I've just started out with my first reef tank which I've had for about 3 weeks. After using Denitrol to get the tank cycled, I added a couple of clowns a week later.

The fish themselves are doing fine, and the live rock I have in there is doing well also.

However, I keep testing the pH levels and they seem to have dipped to dangerously low levels (sometimes as low as 7.6). I've used a buffer which has picked it up temporarily, but they dip back down again after a day or so.

Does anyone know what could be causing this?

Thanks in advance.

· are friends
5,349 Posts
from what I've been reading recently it is fairly normal in a young tank. There may be excess CO2 in the tank from being young and still working through the initial cycling to establish the tank. Try adding a powerhead pointed up towards the surface to create more surface agitation or adding an airstone to help push the CO2 up and out. Sounds like once the tank is more established it will take care of itself.

I have a 10 gal nano been running a little over 2 months, the pH was running about 7.8 and I started dosing 8.4 trying to bring it up but was advised not to dose anything and just let it run its course. Now it is up to about 8.1 on its own, no dosing. Its a little more complicated due to having the clowns in it already, so find out what the clowns will tolerate (I think typically fish tolerate lower pH than corals, but you'd have to research what clowns can handle), if it dips below what the clows can tolerate then keep using the buffer to keep it up until it can handle it on its own, otherwise just let it run its course..

· Registered
2 Posts
Discussion Starter · #3 ·
That's reassuring - thanks for that. The clowns aren't showing any sign of stress so I'm not too worried about them for now.

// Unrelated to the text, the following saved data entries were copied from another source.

Lemma ex_RInt_uniform_limit (G : R -> R) (a b : R) :
  (forall eps : posreal, exists phi : R -> R,
      ex_RInt phi a b /\ forall x, Rabs (phi x - G x) <= eps) ->
  ex_RInt G a b.
Proof.
  intros happrox.
  assert (hseq : forall N : nat, exists phi : R -> R,
      ex_RInt phi a b /\ forall x, Rabs (phi x - G x) <= / (INR N + 1)).
  { intros N. exact (happrox (mkposreal _ (RinvN_pos N))). }
  set (phis := fun N => proj1_sig (constructive_indefinite_description _ (hseq N))).
  assert (hphis : forall N, ex_RInt (phis N) a b /\
      forall x, Rabs (phis N x - G x) <= / (INR N + 1)).
  { intros N. unfold phis. destruct constructive_indefinite_description; auto. }
  assert (hlim : filterlim phis eventually
      (locally (G : fct_UniformSpace R R_UniformSpace))).
  { apply filterlim_locally. intros eps.
    destruct (archimed_cor1 eps (cond_pos eps)) as [N0 [hN0 hN0pos]].
    exists N0. intros N hN x. change (Rabs (phis N x - G x) < eps).
    assert (hle : / (INR N + 1) <= / INR N0).
    { apply Rinv_le_contravar; [apply lt_0_INR; lia|].
      apply le_INR in hN. lra. }
    pose proof (proj2 (hphis N) x). lra. }
  destruct (filterlim_RInt (V := R_CompleteNormedModule) phis a b eventually
      eventually_filter G (fun N => RInt (phis N) a b)) as [If [_ hIf]].
  - intros N. apply (RInt_correct (V := R_CompleteNormedModule)), hphis.
  - exact hlim.
  - exists If. exact hIf.
Qed.

Lemma ex_RInt_nondecreasing_bounded (G : R -> R) (a b M : R) : a <= b ->
  (forall x y, x <= y -> G x <= G y) -> (forall x, 0 <= G x <= M) ->
  ex_RInt G a b.
Proof.
  intros hab hG hM. apply ex_RInt_uniform_limit. intros eps.
  destruct (INR_archimed eps M (cond_pos eps)) as [K hK].
  destruct (nondecreasing_layer_approx eps a b K G) as [phi [hint hphi]]; auto.
  - apply cond_pos.
  - intros x. specialize (hM x). lra.
  - exists phi. split; auto. intros x. specialize (hphi x).
    rewrite Rabs_left1; lra.
Qed.

Lemma ex_RInt_nondecreasing (g : R -> R) (a b : R) : a <= b ->
  (forall x y, a <= x -> x <= y -> y <= b -> g x <= g y) -> ex_RInt g a b.
Proof.
  intros hab hg.
  set (clamp := fun x => Rmax a (Rmin x b)).
  assert (hclamp : forall x, a <= clamp x <= b).
  { intros x. unfold clamp, Rmax, Rmin. repeat destruct Rle_dec; lra. }
  assert (hG : ex_RInt (fun x => g (clamp x) - g a) a b).
  { apply ex_RInt_nondecreasing_bounded with (g b - g a); auto.
    - intros x y hxy. assert (g (clamp x) <= g (clamp y)); [|lra].
      apply hg; try apply hclamp. unfold clamp, Rmax, Rmin; repeat destruct Rle_dec; lra.
    - intros x. pose proof (hclamp x).
      assert (g a <= g (clamp x)) by (apply hg; lra).
      assert (g (clamp x) <= g b) by (apply hg; lra). lra. }
  apply ex_RInt_ext with (fun x => (g (clamp x) - g a) + g a).
  - intros x hx. rewrite Rmin_left, Rmax_right in hx by lra.
    replace (clamp x) with x; [lra|].
    unfold clamp, Rmax, Rmin; repeat destruct Rle_dec; lra.
  - apply (ex_RInt_plus (V := R_NormedModule)); [exact hG|apply ex_RInt_const].
Qed.

Definition nonneg_nondecreasing (g : R -> R) : Prop :=
  (forall x y, 0 <= x -> x <= y -> g x <= g y) /\ (forall x, 0 <= x -> 0 <= g x).

Lemma ex_RInt_nonneg_nondecreasing (g : R -> R) (a b : R) :
  nonneg_nondecreasing g -> 0 <= a -> a <= b -> ex_RInt g a b.
Proof.
  intros [hmono _] ha hab. apply ex_RInt_nondecreasing; auto.
  intros x y hx hxy _. apply hmono; lra.
Qed.

Lemma RInt_nonneg_nondecreasing_bounds (g : R -> R) (a b : R) :
  nonneg_nondecreasing g -> 0 <= a -> a <= b ->
  (b - a) * g a <= RInt g a b <= (b - a) * g b.
Proof.
  intros hg ha hab. pose proof (ex_RInt_nonneg_nondecreasing g a b hg ha hab) as hint.
  destruct hg as [hmono _].
  assert (hconst : forall v, RInt (fun _ => v) a b = (b - a) * v)
    by (intros v; rewrite RInt_const; reflexivity).
  rewrite <- !hconst.
  split; apply RInt_le; auto; try apply ex_RInt_const;
    intros x hx; apply hmono; lra.
Qed.

Lemma RInt_nonneg_nondecreasing_Chasles (g : R -> R) (a b c : R) :
  nonneg_nondecreasing g -> 0 <= a -> a <= b -> b <= c ->
  RInt g a c = RInt g a b + RInt g b c.
Proof.
  intros hg ha hab hbc. symmetry.
  apply (RInt_Chasles (V := R_CompleteNormedModule));
    apply ex_RInt_nonneg_nondecreasing; auto; lra.
Qed.

Lemma RInt_nonneg_nondecreasing_ge0 (g : R -> R) (x : R) :
  nonneg_nondecreasing g -> 0 <= x -> 0 <= RInt g 0 x.
Proof.
  intros hg hx. pose proof (RInt_nonneg_nondecreasing_bounds g 0 x hg (Rle_refl 0) hx).
  pose proof (proj2 hg 0 (Rle_refl 0)). nra.
Qed.
Lemma rot_compl_products X X' Y Y' : rot_compl u w X X' -> rot_compl u w Y Y' ->
  0 < X -> 0 < X' -> 0 < Y -> 0 < Y' -> B <= X * Y \/ B <= X' * Y'.
Proof.
move=> [x1 [x0 [x1' [x0' [-> -> hx0 hx1]]]]] hY X_pos X'_pos Y_pos Y'_pos.
have [x1_0|x1_pos] := posnP x1.
  have x1'_w : x1' + 1 = w by lia.
  rewrite x1_0 mul0n add0n in X_pos *.
  exact: low_products.
move: hY Y_pos Y'_pos => [y1 [y0 [y1' [y0' [-> -> hy0 hy1]]]]] Y_pos Y'_pos.
have [y1_0|y1_pos] := posnP y1.
  have y1'_w : y1' + 1 = w by lia.
  rewrite y1_0 mul0n add0n in Y_pos *.
  rewrite mulnC [(x0' * w + x1') * _]mulnC.
  apply: low_products => //.
  by exists x1, x0, x1', x0'.
by left; apply: high_high; apply: leq_trans (leq_addr _ _); rewrite leq_pmull.
Qed.

End ProductBound.

Definition Delta_nat (q m : nat) : nat :=
  if ~~ odd m then q ^ m - 1 - 2 * (q ^ (m %/ 2) - 1) else q ^ m - 1 - q ^ ((m - 1) %/ 2).
(* Let $(L_i)_{i\in I}$ be a family of lattices with zero such that $L_i\cap L_j=\{0\}$ for all distinct $i,j\in I$, and let $L=\coprod^0_{i\in I}L_i$, with each $L_i$ identified with its canonical copy in $L$; put $P=\bigcup_{i\in I}L_i\subseteq L$. Adjoin a new largest element $\infty$ to $L$ and set $\overline{L}_i=L_i\cup\{\infty\}$. Then for each $x\in L$ and each $i\in I$ there exist a largest element $x_{(i)}$ of $L_i$ below $x$ and a least element $x^{(i)}$ of $\overline{L}_i$ above $x$ (with respect to the ordering of $L\cup\{\infty\}$), and for all $x,y\in L$ and $i\in I$: (a) $p_{(i)}=p^{(i)}=p$ if $p\in L_i$; (b) $p_{(i)}=0$ and $p^{(i)}=\infty$ if $p\in P\setminus L_i$; (c) $(x\vee y)_{(i)}=x_{(i)}\vee y_{(i)}$ and $(x\wedge y)_{(i)}=x_{(i)}\wedge y_{(i)}$; (d) $(x\vee y)^{(i)}=x^{(i)}\vee y^{(i)}$; (e) $(x\wedge y)^{(i)}=0$ if $x^{(j)}\wedge y^{(j)}=0$ for some $j\in I$, and $(x\wedge y)^{(i)}=x^{(i)}\wedge y^{(i)}$ otherwise. (Joins and meets on the right-hand sides are computed in $\overline{L}_i$, where $\infty$ is the top element.)
   Context: $\coprod^0_{i\in I}L_i$ denotes the coproduct of a family of lattices with zero in the category of lattices with zero and zero-preserving lattice homomorphisms; the canonical maps $L_i\to L$ are embeddings and identify the zeros of all $L_i$. *)

From HB Require Import structures.
From mathcomp Require Import all_boot all_order.
Set Implicit Arguments. Unset Strict Implicit. Unset Printing Implicit Defensive.
Import Order.Theory.
Local Open Scope order_scope.

Definition hom0 (d1 d2 : Order.disp_t) (A : bLatticeType d1) (B : bLatticeType d2)
  (f : A -> B) : Prop :=
  [/\ f \bot = \bot,
      forall a b, f (a `|` b) = f a `|` f b &
      forall a b, f (a `&` b) = f a `&` f b].

Definition is_coproduct0 (I : Type) (d : I -> Order.disp_t)
  (Li : forall i, bLatticeType (d i)) (dL : Order.disp_t) (L : bLatticeType dL)
  (e : forall i, Li i -> L) : Prop :=
  (forall i, hom0 (e i)) /\
  forall (dK : Order.disp_t) (K : bLatticeType dK) (f : forall i, Li i -> K),
    (forall i, hom0 (f i)) ->
    (exists g : L -> K, hom0 g /\ forall i a, g (e i a) = f i a) /\
    (forall g1 g2 : L -> K,
        hom0 g1 -> (forall i a, g1 (e i a) = f i a) ->
        hom0 g2 -> (forall i a, g2 (e i a) = f i a) ->
        forall x, g1 x = g2 x).

(* \overline{L}_i = L_i \cup {oo} is modelled by option, with None = oo (top). *)
Definition ole (d : Order.disp_t) (A : bLatticeType d) (u v : option A) : bool :=
  match u, v with
  | _, None => true
  | None, Some _ => false
  | Some a, Some b => (a <= b)
  end.

Definition ojoin (d : Order.disp_t) (A : bLatticeType d) (u v : option A) : option A :=
  match u, v with
  | Some a, Some b => Some (a `|` b)
  | _, _ => None
  end.

Definition omeet (d : Order.disp_t) (A : bLatticeType d) (u v : option A) : option A :=
  match u, v with
  | Some a, Some b => Some (a `&` b)
  | Some a, None => Some a
  | None, v => v
  end.

Definition le_bar (d dL : Order.disp_t) (A : bLatticeType d) (L : bLatticeType dL)
  (e : A -> L) (x : L) (u : option A) : bool :=
  match u with None => true | Some a => (x <= e a) end.

Definition is_lower (d dL : Order.disp_t) (A : bLatticeType d) (L : bLatticeType dL)
  (e : A -> L) (x : L) (a : A) : Prop :=
  e a <= x /\ forall b : A, e b <= x -> b <= a.

Definition is_upper (d dL : Order.disp_t) (A : bLatticeType d) (L : bLatticeType dL)
  (e : A -> L) (x : L) (u : option A) : Prop :=
  le_bar e x u /\ forall v : option A, le_bar e x v -> ole u v.

From HB Require Import structures.
From mathcomp Require Import all_boot all_order.
From mathcomp Require Import boolp.
Set Implicit Arguments. Unset Strict Implicit. Unset Printing Implicit Defensive.
Import Order.Theory.
Local Open Scope order_scope.

(* By the universal property, L is generated by the L_i under joins and meets,
   which gives an induction principle.  The lower projection x_(i) is the image
   of x under the zero-preserving homomorphism L -> L_i that is the identity on
   L_i and zero on every other L_j: by induction it lies below x, and as it
   retracts onto L_i it dominates every element of L_i below x.
   For the upper projections, send a in L_j to the family of prod_i bar(L_i)
   that is a at j and oo elsewhere.  Identifying all families with a zero entry
   with 0 turns the product into a lattice K in which this assignment is a
   zero-preserving homomorphism; its extension F : L -> K satisfies
   x^(i) = F(x)_i, and (d), (e) are the join and the meet of K. *)

Lemma hom0_homo (d1 d2 : Order.disp_t) (A : bLatticeType d1) (B : bLatticeType d2)
  (f : A -> B) : hom0 f -> {homo f : x y / x <= y}.
Proof. by case=> _ fU _ x y; rewrite !leEjoin -fU => /eqP ->. Qed.

Section Sublattice.
Variables (d : Order.disp_t) (L : bLatticeType d) (S : pred L).
Hypotheses (SI : meet_closed S) (SU : join_closed S) (S0 : \bot \in S).

(* The closure proofs are parameters so that the instances below are found for
   every such [S]. *)
Definition sublattice of meet_closed S & join_closed S & \bot \in S := {x : L | S x}.
Local Notation sub := (sublattice SI SU S0).

HB.instance Definition _ := [isSub of sub for sval].
HB.instance Definition _ := [Choice of sub by <:].
HB.instance Definition _ := Order.SubChoice_isBSubLattice.Build d L S d sub SI SU S0.
End Sublattice.

Section Bar.
Variables (d : Order.disp_t) (A : bLatticeType d).

Definition obar : Type := option A.
HB.instance Definition _ := Choice.on obar.

Lemma ole_refl : reflexive (@ole d A). Proof. by case=> /=. Qed.
Lemma ole_anti : antisymmetric (@ole d A).
Proof. by case=> [a|] [b|] //= /le_anti ->. Qed.
Lemma ole_trans : transitive (@ole d A).
Proof. by case=> [b|] [a|] [c|] //=; apply: le_trans. Qed.

HB.instance Definition _ := Order.Le_isPOrder.Build d obar ole_refl ole_anti ole_trans.

Lemma leoE (u v : obar) : (u <= v) = ole u v. Proof. by []. Qed.

Lemma omeetP (u v w : obar) : (u <= omeet v w :> obar) = (u <= v) && (u <= w).
Proof. by rewrite !leoE; case: u v w => [a|] [b|] [c|] //=; rewrite ?lexI ?andbT ?andbF. Qed.
Lemma ojoinP (u v w : obar) : (ojoin u v <= w :> obar) = (u <= w) && (v <= w).
Proof. by rewrite !leoE; case: u v w => [a|] [b|] [c|] //=; rewrite ?leUx ?andbT ?andbF. Qed.

HB.instance Definition _ := Order.POrder_MeetJoin_isLattice.Build d obar omeetP ojoinP.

I do have an aerator at the surface, but I'll get an air stone as well to try and speed things up.

· Registered
2,067 Posts
Everything in your tank uses O2. Since it is a new tank your biological filter is establishing itself. This bacteria will consume a lot of O2. Your drops are from the excess CO2 and the depletion of your O2. Several tips above will help. Powerheads for surface agitation, opening windows, running skimmer line to the outside and possibly an airstone will help. I would shy away from using buffer as it is just as you saw temporary. It masks the issue and does not fix the problem. Many stuggle with this issue. The best solution is time. The filter will balance when the tank gets more established.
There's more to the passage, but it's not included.